Comparaison des stratégies pro re nata et treat and extend dans la dégénérescence maculaire liée à l’âge exsudative : une étude de non-infériorité

Age-related macular degeneration (AMD) accounts for 5% of all blindness worldwide. The introduction of anti-vascular endothelial growth factor (anti-VEGF) therapy has revolutionized the management for neovascular AMD (nAMD). Our objective is to prove non-inferiority between two different treatment regimens (pro-re-nata (PRN) and treat and extend (T&E)) using every available anti-VEGF treatment in France.

A two-year prospective open-label, monocentric study conducted in the Department of Ophthalmology of the University Hospital of Besançon in France randomized not naïve T&E and PRN treated patients for nAMD with anti-VEGF in two groups. The primary objective was to compare the effectiveness of two treatment regimens by assessing the mean change in best corrected visual acuity (BCVA) (ETDRS letters) from baseline to month 24. A non-inferiority margin of -4 letters was applied. Secondary outcomes were central retinal thickness (CRT) and number of intravitreal injection (IVI) progression.

A total of 124 eyes received the T&E (n=61) or PRN (n=63) regimen.
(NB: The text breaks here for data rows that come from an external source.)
Definition eventually (P : nat -> Prop) : Prop := exists N, forall n, (N <= n)%N -> P n.

Lemma eventually_and (P Q : nat -> Prop) :
  eventually P -> eventually Q -> eventually (fun n => P n /\ Q n).
Proof.
move=> [M PM] [N QN]; exists (maxn M N) => n; rewrite geq_max => /andP[Mn Nn].
by split; [exact: PM | exact: QN].
Qed.

Lemma eventually_ex (P : nat -> Prop) : eventually P -> exists n, P n.
Proof. by move=> [N PN]; exists N; exact: PN. Qed.

Lemma eventually_inv_succ_lt (R : realType) (e : R) :
  0 < e -> eventually (fun n => n.+1%:R^-1 < e).
Proof.
move=> e_gt0; exists (Num.Def.archi_bound e^-1) => n le_bn.
rewrite -[e]invrK ltf_pV2 ?posrE ?invr_gt0 ?ltr0n //.
have einv_ge0 : 0 <= e^-1 by rewrite invr_ge0 ltW.
have := archi_boundP einv_ge0; rewrite -(ler_nat R) in le_bn.
have lt_n : n%:R < n.+1%:R :> R by rewrite ltr_nat.
lra.
Qed.

Section HilbertSequences.
Variables (R : realType) (V : lmodType R) (H : inner_product V).
Local Notation ip := (ip H).
Local Notation hnorm := (hnorm H).

Definition hconverges (u : nat -> V) (l : V) : Prop :=
  forall e, 0 < e -> eventually (fun n => hnorm (u n - l) < e).

Definition hcauchy (u : nat -> V) : Prop :=
  forall e, 0 < e -> exists N, forall m n, (N <= m)%N -> (N <= n)%N ->
    hnorm (u m - u n) < e.

Lemma hilbert_complete_cvg u :
  hilbert_complete H -> hcauchy u -> exists l, hconverges u l.
Proof. by move=> complete; exact: complete. Qed.

Lemma hcauchy_of_sqr_bound (u : nat -> V) (eps : nat -> R) :
  (forall m n, ip (u m - u n) (u m - u n) <= eps m + eps n) ->
  (forall e, 0 < e -> eventually (fun n => eps n < e)) ->
  hcauchy u.
Proof.
move=> le_eps eps_small e e_gt0.
have [N epsN] := eps_small _ (divr_gt0 (exprn_gt0 2 e_gt0) (ltr0n R 2)).
exists N => m n Nm Nn.
rewrite -ltr_sqr ?nnegrE ?hnorm_ge0 ?ltW // hnorm_sqr.
by have := le_eps m n; have := epsN m Nm; have := epsN n Nn; lra.
Qed.

Lemma hconverges_ip_lower u l w e : hconverges u l -> 0 < e ->
  eventually (fun n => ip l l + 2 * ip l w < ip (u n) (u n) + 2 * ip (u n) w + e).
Proof.
move=> ul e_gt0.
have := hnorm_ge0 H (l + w); set a := hnorm (l + w) => a_ge0.
have a1_gt0 : 0 < 2 * (a + 1) by lra.
have [N ulN] := ul _ (divr_gt0 e_gt0 a1_gt0); exists N => n Nn.
have := hnorm_sqr_le_sub H (l + w) (u n + w).
rewrite opprD addrACA subrr addr0 hnorm_distC -/a.
have : hnorm (u n - l) * (2 * (a + 1)) < e by rewrite -ltr_pdivlMr // ulN.
have : 0 <= hnorm (u n - l) by exact: hnorm_ge0.
rewrite !hnorm_sqr !ipE (ip_sym H w l) (ip_sym H w (u n)); nra.
Qed.

End HilbertSequences.

Section Minty.
Variables (R : realType) (V : lmodType R) (H : inner_product V).
Hypothesis complete : hilbert_complete H.
Variable N : V -> V -> Prop.
Hypothesis maxN : maximally_monotone H N.
Local Notation ip := (ip H).

(* [fitz_le x u r] says that the Fitzpatrick function of [N] is at most [r]
   at [(x, u)]. *)
Definition fitz_le (x u : V) (r : R) : Prop :=
  forall y v, N y v -> ip x v + ip y u - ip y v <= r.

Definition fitz_energy (x u : V) (r : R) : R := r + (ip x x + ip u u) / 2.

Definition fitz_energies : set R :=
  [set e | exists x u r, fitz_le x u r /\ e = fitz_energy x u r].

Definition fitz_inf : R := inf fitz_energies.

Lemma fitz_le_ip x u r : fitz_le x u r -> ip x u <= r.
Proof.
move=> fxu; rewrite leNgt; apply/negP => lt_r.
have Nxu : N x u.
  apply: maxN.2 => y v Nyv; have := fxu y v Nyv.
  by rewrite !ipE (ip_sym H u x) (ip_sym H v x) (ip_sym H u y) (ip_sym H v y); lra.
by have := fxu x u Nxu; lra.
Qed.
Patient demographic and baseline ocular characteristics were well balanced between the two treatment groups. At month 24, the mean BCVA change from baseline was -4.4 ETDRS letters in the T&E group and -3.4 ETDRS letters in the PRN group (last observation carried forward (LOCF) method). The mean difference between the treatment groups was +1.1 ETDRS letters (95% CI [-2.25]; p = 0.006). The mean change in CRT (LOCF method) was -10.6 µm (T&E) and -7.9 µm (PRN) with a mean difference of +2.6 µm (95% CI [+19.2]; p = 0.004). The mean number of injections received (per protocol analysis) was 15.5 and 10.9 injections respectively at month 24 with a mean of +4.6 more injections in the T&E group (95% CI [-7.06; -2.12]; p < 0.001).

In the current study, we demonstrated that eyes previously treated for nAMD for several years did not benefit of a treatment regimen switch from PRN to T&E, neither in terms of visual nor anatomical outcomes in a setting close to a real-life practice. T&E regimen did reduce by one-third the number of visits during the 24-month study duration but necessitated four additional injections. Non-inferiority between T&E and PRN was demonstrated in both visual and anatomical outcomes. In both groups, visual acuity declined moderately over the two year-course of the study.

Non-inferiority between PRN and T&E regimen in visual and anatomical outcomes is statistically proven until 24 months with significantly more IVI in the T&E regimen. The decision to switch from PRN to T&E should be based on practical consideration such as reducing the burden of the frequent visits rather than targeting a better visual or anatomical outcome.